▸ Material for this task:
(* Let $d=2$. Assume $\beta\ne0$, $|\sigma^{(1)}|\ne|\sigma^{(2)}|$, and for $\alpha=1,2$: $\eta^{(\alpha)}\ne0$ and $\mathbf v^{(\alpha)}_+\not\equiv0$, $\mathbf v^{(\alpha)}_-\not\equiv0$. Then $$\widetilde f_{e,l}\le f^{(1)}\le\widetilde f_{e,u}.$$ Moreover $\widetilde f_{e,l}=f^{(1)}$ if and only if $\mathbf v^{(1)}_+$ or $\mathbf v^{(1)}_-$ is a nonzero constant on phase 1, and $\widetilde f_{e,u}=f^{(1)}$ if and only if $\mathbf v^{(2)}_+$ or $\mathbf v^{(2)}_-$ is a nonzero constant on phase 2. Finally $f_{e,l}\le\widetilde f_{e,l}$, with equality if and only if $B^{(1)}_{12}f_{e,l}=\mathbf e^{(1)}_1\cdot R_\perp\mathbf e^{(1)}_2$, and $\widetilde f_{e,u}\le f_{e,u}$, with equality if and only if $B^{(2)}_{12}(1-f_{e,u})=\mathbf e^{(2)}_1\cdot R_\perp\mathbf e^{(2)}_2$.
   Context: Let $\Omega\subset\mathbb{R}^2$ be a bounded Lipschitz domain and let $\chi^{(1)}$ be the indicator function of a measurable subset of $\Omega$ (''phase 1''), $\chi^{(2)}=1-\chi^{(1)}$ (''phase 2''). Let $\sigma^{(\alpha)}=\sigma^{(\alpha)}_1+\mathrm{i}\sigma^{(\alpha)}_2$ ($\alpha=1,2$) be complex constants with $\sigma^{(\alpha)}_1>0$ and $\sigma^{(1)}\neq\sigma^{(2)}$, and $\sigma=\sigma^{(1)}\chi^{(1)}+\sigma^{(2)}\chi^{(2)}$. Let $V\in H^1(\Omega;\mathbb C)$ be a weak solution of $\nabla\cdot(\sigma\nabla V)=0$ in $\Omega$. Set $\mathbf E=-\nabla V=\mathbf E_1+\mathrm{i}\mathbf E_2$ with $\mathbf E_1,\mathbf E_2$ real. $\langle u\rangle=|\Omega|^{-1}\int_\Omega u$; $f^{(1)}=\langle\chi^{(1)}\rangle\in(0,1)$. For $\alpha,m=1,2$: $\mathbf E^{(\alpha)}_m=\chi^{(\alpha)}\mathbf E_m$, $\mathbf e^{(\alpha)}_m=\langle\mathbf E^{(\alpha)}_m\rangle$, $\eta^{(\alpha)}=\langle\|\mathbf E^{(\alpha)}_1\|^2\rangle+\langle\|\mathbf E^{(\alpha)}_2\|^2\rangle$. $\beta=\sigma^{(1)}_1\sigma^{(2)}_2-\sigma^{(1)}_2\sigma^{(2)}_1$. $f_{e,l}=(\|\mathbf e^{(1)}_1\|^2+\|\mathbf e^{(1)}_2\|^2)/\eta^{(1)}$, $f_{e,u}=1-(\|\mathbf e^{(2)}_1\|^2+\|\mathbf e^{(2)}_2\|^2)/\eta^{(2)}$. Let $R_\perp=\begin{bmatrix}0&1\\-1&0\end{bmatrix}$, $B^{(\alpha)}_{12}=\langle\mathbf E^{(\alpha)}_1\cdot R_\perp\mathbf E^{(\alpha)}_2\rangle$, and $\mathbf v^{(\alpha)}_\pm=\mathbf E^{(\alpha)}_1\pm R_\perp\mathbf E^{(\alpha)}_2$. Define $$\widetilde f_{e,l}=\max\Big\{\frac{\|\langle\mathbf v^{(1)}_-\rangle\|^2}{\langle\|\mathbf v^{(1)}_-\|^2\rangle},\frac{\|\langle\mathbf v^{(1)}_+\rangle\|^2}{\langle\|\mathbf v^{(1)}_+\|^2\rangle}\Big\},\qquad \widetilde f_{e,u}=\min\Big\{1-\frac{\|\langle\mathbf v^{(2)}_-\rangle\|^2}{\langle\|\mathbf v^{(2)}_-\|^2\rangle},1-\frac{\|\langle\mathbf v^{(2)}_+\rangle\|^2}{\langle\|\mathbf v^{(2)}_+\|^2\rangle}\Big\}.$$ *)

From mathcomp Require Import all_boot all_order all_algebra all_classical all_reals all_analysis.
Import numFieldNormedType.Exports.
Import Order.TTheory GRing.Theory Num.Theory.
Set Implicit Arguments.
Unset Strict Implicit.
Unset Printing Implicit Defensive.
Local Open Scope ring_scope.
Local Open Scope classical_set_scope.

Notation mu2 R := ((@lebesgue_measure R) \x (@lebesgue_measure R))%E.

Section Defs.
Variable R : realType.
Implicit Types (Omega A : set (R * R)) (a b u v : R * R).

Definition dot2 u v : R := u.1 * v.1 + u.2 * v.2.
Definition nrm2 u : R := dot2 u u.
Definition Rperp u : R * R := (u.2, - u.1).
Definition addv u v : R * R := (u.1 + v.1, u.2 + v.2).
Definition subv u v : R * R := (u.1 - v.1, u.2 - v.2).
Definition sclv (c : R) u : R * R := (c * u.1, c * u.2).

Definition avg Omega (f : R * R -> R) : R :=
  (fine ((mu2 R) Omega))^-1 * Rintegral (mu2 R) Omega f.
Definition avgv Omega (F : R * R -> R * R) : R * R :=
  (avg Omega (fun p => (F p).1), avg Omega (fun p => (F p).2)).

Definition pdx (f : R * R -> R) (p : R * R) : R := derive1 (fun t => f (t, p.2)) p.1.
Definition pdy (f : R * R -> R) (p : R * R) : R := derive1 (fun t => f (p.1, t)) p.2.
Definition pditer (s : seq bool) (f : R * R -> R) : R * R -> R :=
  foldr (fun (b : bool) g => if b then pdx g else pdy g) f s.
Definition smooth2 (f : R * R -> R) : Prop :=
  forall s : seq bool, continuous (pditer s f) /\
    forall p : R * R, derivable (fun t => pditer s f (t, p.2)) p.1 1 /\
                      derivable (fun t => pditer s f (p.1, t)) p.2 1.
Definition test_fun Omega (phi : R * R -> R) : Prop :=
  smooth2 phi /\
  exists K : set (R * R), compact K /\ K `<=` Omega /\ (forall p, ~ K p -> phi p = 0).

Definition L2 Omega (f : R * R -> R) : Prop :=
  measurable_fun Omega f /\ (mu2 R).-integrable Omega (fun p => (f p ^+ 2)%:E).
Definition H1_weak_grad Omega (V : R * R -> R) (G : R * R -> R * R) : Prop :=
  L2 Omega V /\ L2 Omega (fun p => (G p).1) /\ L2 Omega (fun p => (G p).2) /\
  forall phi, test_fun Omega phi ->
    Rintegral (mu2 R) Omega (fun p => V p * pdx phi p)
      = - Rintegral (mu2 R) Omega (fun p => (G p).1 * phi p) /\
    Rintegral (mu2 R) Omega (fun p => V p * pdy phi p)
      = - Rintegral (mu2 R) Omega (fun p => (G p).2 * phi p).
---
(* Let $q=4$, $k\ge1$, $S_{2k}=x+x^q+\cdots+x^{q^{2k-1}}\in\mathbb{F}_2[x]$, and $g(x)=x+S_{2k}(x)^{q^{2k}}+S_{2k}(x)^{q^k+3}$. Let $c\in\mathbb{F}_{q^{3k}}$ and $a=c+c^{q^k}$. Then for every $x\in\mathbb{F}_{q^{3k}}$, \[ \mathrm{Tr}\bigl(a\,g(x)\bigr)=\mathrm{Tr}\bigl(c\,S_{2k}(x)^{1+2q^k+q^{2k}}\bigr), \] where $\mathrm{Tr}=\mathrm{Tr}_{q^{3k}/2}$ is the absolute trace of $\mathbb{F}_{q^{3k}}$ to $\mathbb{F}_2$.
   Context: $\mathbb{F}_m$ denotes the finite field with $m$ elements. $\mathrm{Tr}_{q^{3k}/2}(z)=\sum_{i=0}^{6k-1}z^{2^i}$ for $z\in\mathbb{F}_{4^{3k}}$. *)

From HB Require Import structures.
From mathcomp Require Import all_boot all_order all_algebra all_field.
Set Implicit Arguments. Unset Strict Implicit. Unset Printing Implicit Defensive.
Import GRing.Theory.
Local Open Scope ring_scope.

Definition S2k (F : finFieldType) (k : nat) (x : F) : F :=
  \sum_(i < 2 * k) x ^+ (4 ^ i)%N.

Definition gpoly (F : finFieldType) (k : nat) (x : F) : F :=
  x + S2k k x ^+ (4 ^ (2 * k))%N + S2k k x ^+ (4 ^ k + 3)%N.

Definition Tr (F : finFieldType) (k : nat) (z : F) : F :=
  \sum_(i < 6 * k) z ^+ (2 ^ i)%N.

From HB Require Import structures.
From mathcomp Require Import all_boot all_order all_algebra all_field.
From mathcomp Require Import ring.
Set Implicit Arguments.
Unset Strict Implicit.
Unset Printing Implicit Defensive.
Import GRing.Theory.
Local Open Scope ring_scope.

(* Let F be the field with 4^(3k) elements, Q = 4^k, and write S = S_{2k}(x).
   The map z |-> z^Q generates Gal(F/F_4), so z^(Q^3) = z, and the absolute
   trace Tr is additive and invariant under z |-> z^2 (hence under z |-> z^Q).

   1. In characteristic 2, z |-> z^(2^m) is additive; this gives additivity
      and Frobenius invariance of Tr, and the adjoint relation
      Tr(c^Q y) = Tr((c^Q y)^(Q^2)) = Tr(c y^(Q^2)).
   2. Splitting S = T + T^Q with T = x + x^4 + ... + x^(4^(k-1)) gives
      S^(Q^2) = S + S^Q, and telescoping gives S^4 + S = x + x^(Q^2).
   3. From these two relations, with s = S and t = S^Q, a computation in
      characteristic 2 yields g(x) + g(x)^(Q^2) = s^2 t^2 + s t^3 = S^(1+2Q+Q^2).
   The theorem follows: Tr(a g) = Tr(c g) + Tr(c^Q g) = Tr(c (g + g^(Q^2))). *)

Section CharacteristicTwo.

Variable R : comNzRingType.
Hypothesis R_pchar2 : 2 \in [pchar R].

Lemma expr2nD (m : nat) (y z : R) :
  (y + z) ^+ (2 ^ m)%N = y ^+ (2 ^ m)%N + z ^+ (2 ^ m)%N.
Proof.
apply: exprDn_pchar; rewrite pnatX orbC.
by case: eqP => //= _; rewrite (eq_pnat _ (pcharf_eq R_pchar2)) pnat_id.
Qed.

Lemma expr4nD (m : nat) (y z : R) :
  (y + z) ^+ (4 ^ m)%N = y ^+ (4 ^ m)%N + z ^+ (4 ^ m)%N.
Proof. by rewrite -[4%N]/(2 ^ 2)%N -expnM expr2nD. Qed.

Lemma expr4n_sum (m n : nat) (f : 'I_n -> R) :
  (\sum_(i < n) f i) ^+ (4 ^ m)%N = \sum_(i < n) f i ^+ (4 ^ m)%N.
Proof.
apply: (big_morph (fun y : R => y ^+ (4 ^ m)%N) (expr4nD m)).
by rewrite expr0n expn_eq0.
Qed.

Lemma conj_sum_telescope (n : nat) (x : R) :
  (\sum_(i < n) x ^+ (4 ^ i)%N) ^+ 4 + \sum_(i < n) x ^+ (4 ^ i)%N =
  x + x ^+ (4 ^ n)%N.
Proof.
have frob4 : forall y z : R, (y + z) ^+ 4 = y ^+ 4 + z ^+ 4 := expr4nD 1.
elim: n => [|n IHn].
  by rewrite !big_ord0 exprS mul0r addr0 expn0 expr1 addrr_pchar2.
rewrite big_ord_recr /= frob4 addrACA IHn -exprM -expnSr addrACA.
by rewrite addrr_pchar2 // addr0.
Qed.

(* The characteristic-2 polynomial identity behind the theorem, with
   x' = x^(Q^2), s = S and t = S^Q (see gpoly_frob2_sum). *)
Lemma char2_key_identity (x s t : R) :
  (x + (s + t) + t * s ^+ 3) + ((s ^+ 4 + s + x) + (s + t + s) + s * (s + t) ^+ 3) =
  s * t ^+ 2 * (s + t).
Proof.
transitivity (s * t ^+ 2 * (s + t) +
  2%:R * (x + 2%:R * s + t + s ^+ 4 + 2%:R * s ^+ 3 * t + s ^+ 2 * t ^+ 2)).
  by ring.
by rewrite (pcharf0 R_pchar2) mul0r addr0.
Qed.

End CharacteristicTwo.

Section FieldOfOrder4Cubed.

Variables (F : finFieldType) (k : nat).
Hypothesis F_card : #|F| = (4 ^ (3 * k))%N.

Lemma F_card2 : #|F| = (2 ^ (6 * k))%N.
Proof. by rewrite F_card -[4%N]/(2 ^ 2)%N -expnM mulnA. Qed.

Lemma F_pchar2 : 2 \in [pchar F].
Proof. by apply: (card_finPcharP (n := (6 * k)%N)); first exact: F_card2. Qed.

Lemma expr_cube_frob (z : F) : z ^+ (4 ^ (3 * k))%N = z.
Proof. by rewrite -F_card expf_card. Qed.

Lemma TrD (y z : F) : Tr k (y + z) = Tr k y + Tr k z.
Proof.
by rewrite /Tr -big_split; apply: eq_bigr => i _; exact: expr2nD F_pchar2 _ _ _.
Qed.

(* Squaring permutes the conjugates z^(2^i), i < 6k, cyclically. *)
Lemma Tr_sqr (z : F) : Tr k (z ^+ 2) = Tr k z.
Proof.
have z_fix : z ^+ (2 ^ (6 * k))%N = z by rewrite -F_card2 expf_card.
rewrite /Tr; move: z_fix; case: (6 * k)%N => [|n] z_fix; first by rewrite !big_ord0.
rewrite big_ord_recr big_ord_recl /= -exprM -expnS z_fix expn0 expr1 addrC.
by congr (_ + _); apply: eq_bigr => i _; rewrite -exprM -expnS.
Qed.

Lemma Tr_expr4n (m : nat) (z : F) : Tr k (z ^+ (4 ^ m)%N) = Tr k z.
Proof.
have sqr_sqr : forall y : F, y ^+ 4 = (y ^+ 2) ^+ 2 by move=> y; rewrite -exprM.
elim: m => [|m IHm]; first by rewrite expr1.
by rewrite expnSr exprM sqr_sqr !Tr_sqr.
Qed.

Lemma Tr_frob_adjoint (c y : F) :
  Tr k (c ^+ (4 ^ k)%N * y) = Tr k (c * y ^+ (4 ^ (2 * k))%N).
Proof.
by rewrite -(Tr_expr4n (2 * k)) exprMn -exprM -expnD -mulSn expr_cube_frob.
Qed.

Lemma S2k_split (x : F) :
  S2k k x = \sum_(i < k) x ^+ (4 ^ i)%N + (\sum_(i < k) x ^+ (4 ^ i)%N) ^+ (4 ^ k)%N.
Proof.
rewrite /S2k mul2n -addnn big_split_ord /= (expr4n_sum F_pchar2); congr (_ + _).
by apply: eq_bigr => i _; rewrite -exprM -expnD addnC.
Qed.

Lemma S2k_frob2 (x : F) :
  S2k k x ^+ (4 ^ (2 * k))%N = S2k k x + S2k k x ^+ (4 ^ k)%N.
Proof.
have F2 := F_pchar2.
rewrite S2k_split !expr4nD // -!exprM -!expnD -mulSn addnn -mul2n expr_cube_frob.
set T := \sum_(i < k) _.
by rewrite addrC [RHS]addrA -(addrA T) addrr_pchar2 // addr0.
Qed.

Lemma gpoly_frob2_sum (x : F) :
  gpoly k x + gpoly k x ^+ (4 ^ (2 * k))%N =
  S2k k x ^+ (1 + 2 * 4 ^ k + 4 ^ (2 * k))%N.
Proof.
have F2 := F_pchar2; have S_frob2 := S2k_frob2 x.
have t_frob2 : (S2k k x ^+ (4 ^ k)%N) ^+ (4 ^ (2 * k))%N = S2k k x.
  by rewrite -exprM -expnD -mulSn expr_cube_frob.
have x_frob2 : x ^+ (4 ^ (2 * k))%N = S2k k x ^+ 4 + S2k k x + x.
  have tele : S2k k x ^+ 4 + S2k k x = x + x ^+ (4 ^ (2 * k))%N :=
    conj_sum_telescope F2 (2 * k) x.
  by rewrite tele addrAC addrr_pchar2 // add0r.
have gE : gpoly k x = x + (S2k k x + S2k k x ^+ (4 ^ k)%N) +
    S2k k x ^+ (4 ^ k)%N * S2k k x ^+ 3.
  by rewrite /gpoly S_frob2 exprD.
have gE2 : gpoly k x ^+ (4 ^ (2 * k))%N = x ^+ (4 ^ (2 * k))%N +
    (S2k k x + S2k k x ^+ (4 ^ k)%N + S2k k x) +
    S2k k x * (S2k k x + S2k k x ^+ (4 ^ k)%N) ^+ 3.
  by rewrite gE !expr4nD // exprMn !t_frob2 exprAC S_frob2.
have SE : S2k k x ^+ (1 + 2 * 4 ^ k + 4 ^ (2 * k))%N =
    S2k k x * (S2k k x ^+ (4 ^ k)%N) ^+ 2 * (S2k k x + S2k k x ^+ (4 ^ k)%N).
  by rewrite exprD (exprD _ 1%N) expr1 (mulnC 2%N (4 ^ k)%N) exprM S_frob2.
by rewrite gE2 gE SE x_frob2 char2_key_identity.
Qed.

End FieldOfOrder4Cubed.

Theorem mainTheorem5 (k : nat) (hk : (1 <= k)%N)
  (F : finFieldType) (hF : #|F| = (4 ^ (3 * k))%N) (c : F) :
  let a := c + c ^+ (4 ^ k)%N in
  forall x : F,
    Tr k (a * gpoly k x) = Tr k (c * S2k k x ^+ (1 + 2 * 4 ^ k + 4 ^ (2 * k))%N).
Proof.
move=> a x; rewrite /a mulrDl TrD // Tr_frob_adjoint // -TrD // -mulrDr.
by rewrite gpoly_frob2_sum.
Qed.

▸ What the task asks: A complete answer lists each line of the data that holds the word "finFieldType".

▸ Exercise response:
Definition S2k (F : finFieldType) (k : nat) (x : F) : F :=
Definition gpoly (F : finFieldType) (k : nat) (x : F) : F :=
Definition Tr (F : finFieldType) (k : nat) (z : F) : F :=
Variables (F : finFieldType) (k : nat).
  (F : finFieldType) (hF : #|F| = (4 ^ (3 * k))%N) (c : F) :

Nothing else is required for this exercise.